Over in the boxing arena, Amanda Serrano picked up her second win over Heather Hardy after dominating “The Heat” in their championship rematch (video here). But the fight that stole the show was the Paul vs. Diaz main event.
Diaz was making his pro boxing debut after finally getting the UFC shackles off him, taking on a social media influencer who was slowly turning into a legitimate boxer while also making business waves in all aspects of the combat sports world.
After a slow start, Diaz started to find his groove and began scoring some points against Paul, the more accomplished boxer of the two. Despite landing some decent shots and winning a round or two, the fight belonged to Paul from the onset, who floored the Stockton slugger halfway through the fight.
But the contest also showed why Diaz is so beloved by his fan base. He takes a licking and keeps on ticking and believe it or not, he’s a showman inside the ring. Their pay-per-view (PPV) showcase also revealed something more important: Diaz isn’t that great of a boxer.
As tough as it is to hear for some of you, it’s the truth.
His style was unorthodox, he lacks power, he leaves himself open for big shots and — as durable as he is — makes little effort to preserve his long-term health. Despite all that, his toughness allowed him to weather the storm and make it all 10 rounds. While he didn’t get the win, Diaz once again raised his stock after the fight.
Now that Diaz is no longer under contract with UFC, he has the freedom to do what he chooses with his career. He currently has a $10 million offer on the table to run it back against Paul in a MMA cage, a potential fight that heavily favors Diaz.
But something tells me that won’t be happening anytime soon.

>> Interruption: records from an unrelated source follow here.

Lemma copy_edge_in_spanner (R : realType) (f : nat) (sigma : R) (H : {set {set V}}) :
  d <= f -> (1 <= sigma)%R -> (sigma < (3 * k + 1)%:R / (k + 1)%:R)%R ->
  is_EFT_ASPT construction_edges (fun e => (construction_weight e)%:R%R) root f sigma H ->
  [set embed a0; embed b0] \in H.
Proof.
move=> df sigma_ge1 sigma_lt [H_sub H_spanner]; apply/contraT => ab_notin_H.
set w := fun e => (construction_weight e)%:R%R : R.
have dist_G : (dist (construction_edges :\: fault_set) w root (embed b0) <= (k + 1)%:R%:E)%E.
  have [p [root_p p_b0 len_p]] := descent_walk R (leqnn d).
  rewrite /ancestor_vertex ancestor_root ?leaf_a ?a_lt // -/root in root_p p_b0 len_p.
  rewrite (gtn_eqF d_gt0) in len_p; rewrite -len_p dist_le_walk_len //.
  by rewrite /is_walk root_p p_b0 eqxx.
have dist_H : ((3 * k + 1)%:R%:E <= dist (H :\: fault_set) w root (embed b0))%E.
  have lip u v : adj (H :\: fault_set) u v ->
      ((fault_potential v)%:R <= (fault_potential u)%:R + w [set u; v])%R.
    rewrite /adj in_setD => /andP[uv_unfaulted uv_H]; rewrite -natrD ler_nat.
    apply: fault_potential_lip => //; first exact: (subsetP H_sub).
    by apply: contraNneq ab_notin_H => <-.
  by have := potential_le_dist lip root (embed b0);
    rewrite fault_potential_b0 fault_potential_root subr0.
have := H_spanner _ fault_set_sub (leq_trans card_fault_set df) (embed b0).
move=> /(le_trans dist_H) /le_trans /(_ (lee_wpmul2l _ dist_G)).
rewrite lee_fin (le_trans _ sigma_ge1) // -EFinM lee_fin => /(_ isT).
move: sigma_lt; rewrite ltr_pdivlMr ?ltr0n ?addn1 // => /lt_le_trans /[apply].
by rewrite ltxx.
Qed.
End Fault.

Lemma card_spanner_ge (R : realType) (f : nat) (sigma : R) (H : {set {set V}}) :
  girth_eq E0 (2 * k + 2) -> d <= f ->
  (1 <= sigma)%R -> (sigma < (3 * k + 1)%:R / (k + 1)%:R)%R ->
  is_EFT_ASPT construction_edges (fun e => (construction_weight e)%:R%R) root f sigma H ->
  #|E0| <= #|H|.
Proof.
move=> girth_E0 df sigma_ge1 sigma_lt spanner.
have copy_sub : copy_edges \subset H.
  apply/subsetP => _ /imsetP[e e_E0 ->].
  have /cards2P[u [v [uv e_uv]]] : #|e| == 2 by rewrite E0_simple.
  rewrite e_uv imsetU1 imset_set1.
  by apply: (copy_edge_in_spanner uv _ girth_E0 df sigma_ge1 sigma_lt spanner); rewrite -e_uv.
apply: leq_trans (subset_leq_card copy_sub).
by rewrite card_imset //; exact: imset_inj embed_inj.
Qed.
End Construction.

Lemma exp2_bracket (eta : nat) :
  1 < eta -> exists d, [/\ 0 < d, eta <= 2 ^ d & 2 ^ d.+1 <= 4 * eta].
Proof.
move=> eta_gt1; have /andP[] := up_log_bounds (isT : 1 < 2) eta_gt1.
have := up_log_gt0 2 eta; rewrite eta_gt1 /=.
case: (up_log 2 eta) => // d _ eta_gt eta_le.
by exists d.+1; split => //; move: eta_gt; rewrite /= !expnS; lia.
Qed.

Local Open Scope ring_scope.

Lemma log2_exp2n (R : realType) (n : nat) : log2 ((2 ^ n)%N%:R : R) = n%:R.
Proof.
rewrite /log2 natrX lnXn ?ltr0n // -[ln _ *+ n]mulr_natl mulfK //.
by apply/lt0r_neq0/ln_gt0; rewrite ltr1n.
Qed.

Lemma powR_le_mul4 (R : realType) (x y : nat) (p : R) :
  (x <= 4 * y)%N -> 0 <= p <= 2 -> powR (x%:R : R) p <= 16 * powR (y%:R) p.
Proof.
move=> xy /andP[p_ge0 p_le2].
apply: (@le_trans _ _ (powR ((4 * y)%N%:R) p)).
  by apply: ge0_ler_powR => //; rewrite ?nnegrE ?ler0n // ler_nat.
rewrite natrM powRM ?ler0n // ler_wpM2r ?powR_ge0 //.
apply: le_trans (ler_powR _ p_le2) _; first by rewrite ler1n.
by rewrite powR_mulrn ?ler0n // -natrX.
Qed.

Unset Implicit Arguments.

Theorem mainTheorem8 (R : realType) :
  (forall k : nat, (1 <= k)%N -> erdos_girth_conjecture R k) ->
  forall k : nat, (1 <= k)%N ->
  exists c : R, 0 < c /\
    forall N : nat, exists n : nat, (N <= n)%N /\
      exists (E : {set {set 'I_n}}) (w : {set 'I_n} -> R) (s : 'I_n),
        [/\ simple_graph E, (forall e, e \in E -> 0 <= w e) &
          forall (f : nat) (sigma : R) (H : {set {set 'I_n}}),
            log2 (n%:R : R) <= f%:R ->
            1 <= sigma ->
            sigma < (3 * k + 1)%:R / (k + 1)%:R ->
            is_EFT_ASPT E w s f sigma H ->
            c * powR (n%:R) (1 + k%:R^-1) <= #|H|%:R].
Proof.
move=> girth_conj k k_ge1; have [c [c_gt0 dense]] := girth_conj k k_ge1.
exists (c / 16); split => [|N]; first by rewrite divr_gt0.
have [eta [N_le_eta [E0 [E0_simple girth_E0 card_E0]]]] := dense (maxn N 2).
have [d [d_gt0 eta_le n_le]] := exp2_bracket (leq_trans (leq_maxr N 2) N_le_eta).
set m := (2 ^ d.+1).-1.
have card_V : m.+1 = (2 ^ d.+1)%N by rewrite prednK // expn_gt0.
exists m.+1; split.
  rewrite card_V (leq_trans (leq_maxl N 2)) // (leq_trans N_le_eta) //.
  by rewrite (leq_trans eta_le) // leq_exp2l.
exists (construction_edges d m E0), (fun e => (construction_weight k d e)%:R), (root m).
split=> [|e _|f sigma H log_le_f sigma_ge1 sigma_lt spanner].
- exact: construction_simple.
- by rewrite ler0n.
have d_le_f : (d <= f)%N.
  by move: log_le_f; rewrite card_V log2_exp2n ler_nat; exact: leq_trans.
have card_H := card_spanner_ge d_gt0 card_V eta_le E0_simple girth_E0
  d_le_f sigma_ge1 sigma_lt spanner.
have exp_bounds : 0 <= (1 + k%:R^-1 : R) <= 2.
  by rewrite addr_ge0 ?invr_ge0 //= -[2]/(1 + 1) lerD2l invf_le1 ?ler1n ?ltr0n.
rewrite -card_V in n_le.
apply: le_trans (ler_wpM2l _ (powR_le_mul4 n_le exp_bounds)) _.
  by rewrite divr_ge0 // ltW.
rewrite mulrA divfK //; apply: le_trans card_E0 _.
by rewrite ler_nat.
Qed.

Diaz, 38, can always look for another boxing payday, but who can he face that will draw the same attention as he did with Paul? The Stockton slugger did proclaim that he would return to the Octagon once he settled his business with “The Problem Child,” but if he does, the promotion will likely want to lock him down with another “dirty” contract, which means no more boxing fights and definitely no PFL scrap against Paul.